3 Ways to Ready Your Roof for Winter

Take advantage of the mostly mild temperatures to do fall clean-up. Whether you’re a midwesterner where snow is a given or are a southerner where the white stuff would be a surprise, it’s important to do basic roofing maintenance before the arrival of winter weather. If you want to DIY, make sure you have the right equipment and follow the proper safety precautions, and when in doubt, hire professionals to do the job for you.

Get in the Gutters
When leaves and debris collect in your gutter system, it can clog up your downspouts. Throw in some rainy weather along with the added weight of wet leaves, and it could pull the gutter loose, causing damage to your roof, gutters, and siding. You can help prevent this problem by taking advantage of the seasonal weather to:

  • Clean out your gutter
  • Send water through the downspouts using your garden hose to flush out any leftovers
  • Use a chimney or pipe cleaning brush to clear the downspouts further
  • Rake up any debris you removed from the spouts or the gutters
  • Install gutter screens or guards to prevent any further collection of debris
  • Add spout extensions to push melting ice and snow farther away from your home

Inspect Your Roof
Like your gutters, even a small amount of debris can cause big issues by holding in moisture which could lead to rot or mold which break down roofing material. To avoid this, make sure the surface of your roof is free of leaves, pine needles, and other debris.
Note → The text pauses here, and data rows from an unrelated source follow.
Definition simplicial_graph : Prop :=
  (forall x y, adj x y -> adj y x) /\ (forall x, ~ adj x x).

Definition triangle_free : Prop :=
  forall a b c, adj a b -> adj b c -> adj c a -> False.

Definition square_free : Prop :=
  forall a b c d, a <> c -> b <> d ->
    adj a b -> adj b c -> adj c d -> adj d a -> False.

Definition no_isolated_vertex : Prop := forall v, exists w, adj v w.

Definition simplex (S : T -> Prop) : Prop :=
  (forall x y, S x -> S y -> x <> y -> adj x y) /\
  (exists l : list T, forall x, S x <-> In x l).

Definition maximal_simplex (S : T -> Prop) : Prop :=
  simplex S /\
  forall S', simplex S' -> (forall x, S x -> S' x) -> forall x, S' x -> S x.

(* vertex set of Lk(S) (an induced subgraph); Lk(empty) = everything *)
Definition link (S : T -> Prop) : T -> Prop :=
  fun x => ~ S x /\ forall y, S y -> adj x y.

(* A = B * C as induced subgraphs of the ambient graph:
   A is the disjoint union of B and C with all B--C edges present. *)
Definition is_join (A B C : T -> Prop) : Prop :=
  (forall x, A x <-> B x \/ C x) /\
  (forall x, ~ (B x /\ C x)) /\
  (forall x y, B x -> C y -> adj x y).
End Graphs.

(* Blowup of (V, E) w.r.t. leaf sets L v: vertex (v; None) is the centre v,
   (v; Some l) is the leaf l of Squid(v). *)
Definition blowup_vertex (V : Type) (L : V -> Type) : Type :=
  {v : V & option (L v)}.

Definition is_centre (V : Type) (L : V -> Type) (x : blowup_vertex L) : Prop :=
  projT2 x = None.

Definition blowup_adj (V : Type) (E : V -> V -> Prop) (L : V -> Type)
  (x y : blowup_vertex L) : Prop :=
  E (projT1 x) (projT1 y) \/
  (projT1 x = projT1 y /\
   ((is_centre x /\ ~ is_centre y) \/ (~ is_centre x /\ is_centre y))).

From Stdlib Require Import List Classical ClassicalEpsilon.
Import ListNotations.

(* Lk(Sigma) ∩ Lk(Delta) = Lk(U) for U = Sigma ∪ Delta, so it suffices to
   decompose Lk(U) for a finite set U containing the simplex Sigma.  A vertex
   of the blowup lies in Lk(U) iff its base vertex is adjacent to every other
   base vertex of U, and U has no vertex of the same kind (centre or leaf) over
   the same base.  If the base of U is a clique, Lk(U) = Lk(Pi) for the clique
   Pi obtained from U by keeping one leaf over each base vertex.  Otherwise U
   has two non-adjacent base vertices, and square-freeness leaves at most one
   base vertex z for Lk(U); triangle-freeness puts Sigma over an edge zy, and
   Lk(U) is the set of leaves over z (the link of a clique over zy), joined
   with the centre z when U has no centre over z. *)

Lemma finite_of_sublist {T : Type} (S : T -> Prop) l :
  (forall x, S x -> In x l) -> exists l', forall x, S x <-> In x l'.
Proof.
  intros HSl.
  exists (filter (fun x => if excluded_middle_informative (S x) then true else false) l).
  intros x; rewrite filter_In.
  destruct (excluded_middle_informative (S x)); split; intuition; discriminate.
Qed.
  • Do an initial inspection from the ground with binoculars. If you’re comfortable, have the proper equipment and follow proper safety procedures, inspect the roof up close for missing, cracked, curled or frayed shingles. Use extreme caution and if ever in doubt, hire professionals.
  • Use a leaf blower or push broom to clear the roof of fallen tree limbs and leaves. Start from the top of the roof and work your way down, paying attention to the valleys — they are the most vulnerable to water damage.
  • Check for damaged flashing around vent stacks, chimneys, and skylights. These areas are the typical trouble spots for a leak.
  • Make minor repairs. You may be able to tackle some yourself, but if you’re not knowledgeable about roofing, you’re better off hiring a roofing contractor. Small repairs typically aren’t very expensive and can save you a lot of time and money in the long run.

Check Your Interiors
The inside of your home can be the first to show signs of wear on the outside. Spending a half hour can help you spot potential issues before they become major problems.

  • Check your attic, upper crawlspace or upstairs ceiling for stains and leaks. If you find signs of water damage, check them again right after a heavy rain. If the area is damp, it’s important to get it repaired quickly to avoid further damage.
  • Add some extra insulation to your attic or upper crawlspace. Proper insulation is key to keeping your power bill in line and will help prevent the formation of ice dams on your roof.
  • If you get snow, compare your roof to the neighbors. If the snow disappears quickly, it means your attic has little or no insulation. If you see patches, it means those areas beneath need more insulation. If the snow stays on the roof for a while, it means your insulation is good (and will provide additional insulation since snow is an insulator).

Colder temps cause roofing material to become brittle and more prone to damage. So winterizing your roof with a thorough cleaning and maintenance check will help maximize the life of your roof. If you are considering DIY, make sure you have the proper equipment and follow appropriate safety guidelines. If not, hire a professional to do it for you. Annual maintenance is inexpensive and will save your time and money in the long run.